Word Structure: Verb-How 补充式

This is part 3 of an 8-part series exploring all 7 types of Chinese compound words. This is part 3 – How Chinese Words Work. Click below for the other parts:

Part 1 – Part 2 – Part 3 – Part 4 – Part 5 – Part 6 – Part 7 – Part 8

Verb-How & Generalising 补充式

These words are also mostly Verbs, but the second morpheme explains the result of the verb. How did you eat 吃 chī?I ate well 吃好 chīhǎo. 吃 is the verb, and 好 is the result of the verb. When these words are nouns, they are referring to the broad scope of all of the nouns.

Action-Result

说明 shuōmíng

Verb: to speak. The result of your speaking? Clarity 明. Definition: Explain

消灭- xiāomiè

Verb: to exterminate 消. The result of your attempt at extermination? to the point of extinguishing 灭. Definition: Wipe Out

寄出- jìchū

Verb: to mail 寄. The result of your mailing? You mailed it out 出.

作出- zuòchū

Verb: to do or make 作. The result of your making something? It was created 出.

过来 guòlai

过去 guòqu

 

上来 shànglái

上去 shàngqù

 

下来 xiàlái

下去 xiàqù

 

回来 huílái

回去 huíqù

回到 huídào

进来 jìnlái

进去 jìnqù

 

出来 chūlái

出去 chūqu

来到 láidào

起来 qǐlái

  

 All of these are directional verbs like Cross (过), Go Up (上) or Return (回).

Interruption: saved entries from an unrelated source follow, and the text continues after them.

Lemma ring_walk_bwd (adj : rel 'I_n) s j : (j <= s <= n)%N ->
  (forall t, (s - j <= t < s)%N -> adj (vtx t.+1) (vtx t)) ->
  [/\ path adj (vtx s) [seq vtx (s - t) | t <- iota 1 j],
      last (vtx s) [seq vtx (s - t) | t <- iota 1 j] = vtx (s - j) &
      walk_wt (ring_wt w) (vtx s) [seq vtx (s - t) | t <- iota 1 j] = warc s - warc (s - j)].
Proof.
move=> js sj_adj.
have step t : (0 <= t < 0 + j)%N -> adj (vtx (s - t)) (vtx (s - t.+1)) /\
    ring_wt w (vtx (s - t)) (vtx (s - t.+1)) = - warc (s - t.+1) - - warc (s - t).
  move=> tj; have -> : (s - t = (s - t.+1).+1)%N by lia.
  split; first by apply: sj_adj; lia.
  by rewrite vtxS ring_wt_ordS_sym warcS; [ring | lia].
have [] := walk_telescope (f := fun t => vtx (s - t)) step.
by rewrite /= add0n !subn0 => ? ? ->; split => //; ring.
Qed.

(* The position of [v] on the path [C_c], measured from [v_0], positive on the
   side of [v_1] and negative on the side of [v_(n-1)]. *)
Definition coordC (c : nat) (v : 'I_n) : R :=
  if (v <= c)%N then warc v else warc v - wtot.

Lemma coordC_hb c : coordC c hb = 0.
Proof. by rewrite /coordC hb_val warc0. Qed.

Lemma coordC_ordS c (x : 'I_n) : (c < n)%N -> (x : nat) != c ->
  coordC c (ordS x) = coordC c x + w x.
Proof.
move=> cn xc; rewrite /coordC ordS_val; have := ltn_ord x.
case: (x.+1 =P n) => [xn|_] xlt.
  have := warcS_ord x; rewrite xn warc_n => ->.
  by rewrite warc0 leq0n ifF; [ring | lia].
rewrite warcS_ord; case: (leqP x.+1 c) => xc1.
  by rewrite ifT ?(ltnW xc1).
by rewrite ifF ?ifF; try lia; ring.
Qed.

Lemma coordC_lipschitz (i : 'I_n) x y :
  ringC_adj i x y -> `|coordC i y - coordC i x| <= ring_wt w x y.
Proof.
case/andP=> /orP[] /eqP-> not_i.
  have xi : (x : nat) != i by apply: contra not_i => /eqP/val_inj->; rewrite !eqxx.
  by rewrite coordC_ordS // ring_wt_ordS addrC addKr (ger0_norm (ltW (w_pos x))).
have yi : (y : nat) != i by apply: contra not_i => /eqP/val_inj->; rewrite !eqxx orbT.
by rewrite coordC_ordS // ring_wt_ordS_sym opprD addNKr normrN (ger0_norm (ltW (w_pos y))).
Qed.
(* Small blocks [a < a1] may interact, the block [a = A] is the one cut by
   [N], the remaining nonempty blocks are complete and far apart. *)
Lemma block_error_le_cases a : a \in iota 3 N ->
  `|block_error a N| <=
  (if (a < a1)%N then K * ((2 * a1).+1)%:R else 0) +
  eps * (size (block_part L a N))%:R +
  (if a == A then K * ((2 * A).+1)%:R else 0).
Proof.
rewrite mem_iota => /andP[a3 _].
have Ka b : (a <= b)%N -> `|block_error a N| <= K * ((2 * b).+1)%:R.
  move=> ab; apply: le_trans (block_error_le _ _) _.
  by rewrite ler_wpM2l ?K_ge0 // ler_nat (leq_trans (size_block_part_le _ _ _)) //; lia.
have t1 : 0 <= (if (a < a1)%N then K * ((2 * a1).+1)%:R else 0).
  by case: ifP; rewrite ?mulr_ge0.
have t2 : 0 <= eps * (size (block_part L a N))%:R by rewrite mulr_ge0.
have t3 : 0 <= (if a == A then K * ((2 * A).+1)%:R else 0).
  by case: ifP; rewrite ?mulr_ge0.
case: ltnP => a1a.
  by apply: le_trans (Ka _ (ltnW a1a)) _; rewrite -addrA lerDl addr_ge0.
case: (ltngtP a A) => aA.
- have aN := fact_bracket_full a3 aA AN.
  rewrite block_error_full //; last by lia.
  by rewrite block_part_full // add0r addr0 Fwin_error.
- by rewrite block_error_empty ?normr0 ?addr_ge0 // (fact_bracket_empty A3 aA).
- by rewrite -aA add0r (le_trans (Ka _ (leqnn _))) // lerDr.
Qed.

Lemma pair_sum_Gamma_error_le :
  `|pair_sum (Fwin (Gamma_set L) N) f - Q * (size (Fwin (Gamma_set L) N))%:R| <=
  K * ((2 * a1).+1)%:R * a1%:R + eps * (size (Fwin (Gamma_set L) N))%:R +
  K * ((2 * A).+1)%:R.
Proof.
rewrite pair_sum_Gamma_error; apply: le_trans (ler_norm_sum _ _ _) _.
rewrite big_seq; apply: le_trans (ler_sum _ (fun a => @block_error_le_cases a)) _.
rewrite -big_seq.
rewrite !big_split /= -!big_mkcond /= !sumr_const_seq.
rewrite -[X in _ + X + _ <= _]mulr_sumr -natr_sum -size_Fwin_Gamma.
apply: lerD; first apply: lerD => //.
- by rewrite -[_ *+ count _ _]mulr_natr ler_wpM2l ?mulr_ge0 // ler_nat count_iota_lt.
- rewrite -[X in _ <= X]mulr1 -[_ *+ count _ _]mulr_natr ler_wpM2l ?mulr_ge0 // lern1.
  by rewrite count_uniq_mem ?iota_uniq // leq_b1.
Qed.

End Estimate.

Lemma count_autocorr_Gamma_cvg R1 : (0 < R1)%N -> dense_windows L R1 ->
  (forall eps, 0 < eps -> exists a0, forall a, (a0 <= a)%N ->
    `|pair_sum (Fwin L a) f - Q * (size (Fwin L a))%:R| <=
      eps * (size (Fwin L a))%:R) ->
  count_autocorr_seq (Gamma_set L) f @ \oo --> Q.
Proof.
move=> R1_gt0 dense Fwin_error; apply/cvgrPdist_le => e e_gt0.
have eps_gt0 : 0 < e / 2 by rewrite divr_gt0.
have [a0 a0_error] := Fwin_error _ eps_gt0.
set a1 := (a0 + W + 1)%N; set Cst := K * ((2 * a1).+1)%:R * a1%:R.
have Cst_ge0 : 0 <= Cst by rewrite !mulr_ge0.
set X := (2 * R1)%:R * (Cst + 3 * K).
set A0 := maxn (2 * R1 + 5) (Num.truncn (X / (e / 2))).+1.
have A0_gt : X / (e / 2) < A0%:R.
  by apply: lt_le_trans (truncnS_gt _) _; rewrite ler_nat leq_maxr.
near=> N.
have N3 : (3 <= N)%N by near: N; exact: nbhs_infty_ge.
have A0N : (A0`! - A0 <= N)%N by near: N; exact: nbhs_infty_ge.
have [A [A3 AN NA]] := fact_bracket N3.
have A0A : (A0 <= A)%N := fact_bracket_ge A3 A0N NA.
have R1A : (2 * R1 + 5 <= A)%N by apply: leq_trans A0A; exact: leq_maxl.
have := size_Gamma_ge dense A3 AN R1A; set C := size _ => AC.
have C_gt0 : (0 < C)%N by rewrite lt0n; apply: contraTneq AC => ->; lia.
have a1W : (W < a1)%N by rewrite /a1; lia.
have := pair_sum_Gamma_error_le (ltW eps_gt0) a1W A3 AN NA
  (fun a a1a => a0_error a (leq_trans (leq_trans (leq_addr W a0) (leq_addr 1 _)) a1a)).
rewrite -/C -/Cst.
have absorb : Cst + K * ((2 * A).+1)%:R <= e / 2 * C%:R.
  rewrite -addn1 natrD natrM; apply: (linear_error_le (r := (2 * R1)%:R)) => //.
  - by rewrite ler1n; lia.
  - by rewrite ltr0n muln_gt0.
  - by rewrite -ltr_pdivrMl // mulrC (lt_le_trans A0_gt) // ler_nat.
  - by rewrite -!natrM ler_nat.
rewrite /count_autocorr_seq -/C (negbTE (lt0n_neq0 C_gt0)) dist_ratio_le ?ltr0n //.
by move=> err; apply: le_trans err _; rewrite [e in e * _]splitr mulrDl; lra.
Unshelve. all: by end_near.
Qed.

End CountAutocorrelation.

Definition tent (R : realType) (k : nat) (x : R) : R :=
  Num.max 0 (1 - k.+1%:R * `|x|).

Section Tent.
Variable R : realType.

Lemma tent_continuous k : continuous (tent k : R -> R).
Proof.
have -> : @tent R k = (fun=> 0) \max (fun x => 1 - k.+1%:R * `|x|) by [].
apply: max_fun_continuous.
- exact: cst_continuous.
- move=> y; apply: cvgB; first exact: cvg_cst.
  by apply: cvgM; [exact: cvg_cst | exact: norm_continuous].
Qed.

Lemma tent_ge0 k (x : R) : 0 <= tent k x.
Proof. by rewrite /tent le_max lexx. Qed.

Lemma tent0 k : tent k (0 : R) = 1.
Proof. by rewrite /tent normr0 mulr0 subr0 max_r. Qed.

Lemma tent_out k (x : R) : 1 <= `|x| -> tent k x = 0.
Proof.
move=> x1; rewrite /tent max_l // subr_le0 (le_trans x1) // ler_peMl //.
by rewrite ler1n.
Qed.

The second morpheme is the result of the verb, like Come, Go, or Arrive 来,去,到.

Generalizing Nouns

These are a particular sub-set of verb-how words that are technically in the same category, but we thought we’d keep them separate here. As shown in the example in the introduction above, these words’ first morpheme is a noun and the second morpheme is the measure word for that noun. This signifies that the word refers to all of a particular noun, as opposed to a specific number.

车辆- chēliàng

All cars or vehicles, no one specific car or set of vehicles.

人口- rénkǒu

The population of a place, AKA not one specific person.

书本- shūběn

Books in general, not any individual book

马匹- mápǐ

Horses in general

船只- chuánzhī

Shipping Vessels in general

枪支- qiāngzhī

Guns in general

事件- shìjiàn

An event, but broader than 事情 (shìqíng) which could be very specific. For example, World War 2 was a 事件, but a single instance of Winston Churchill sending out an order during WW2 is a 事情.

纸张- zhǐzhāng

Paper in general

There you go, now you know more about how Chinese words work already.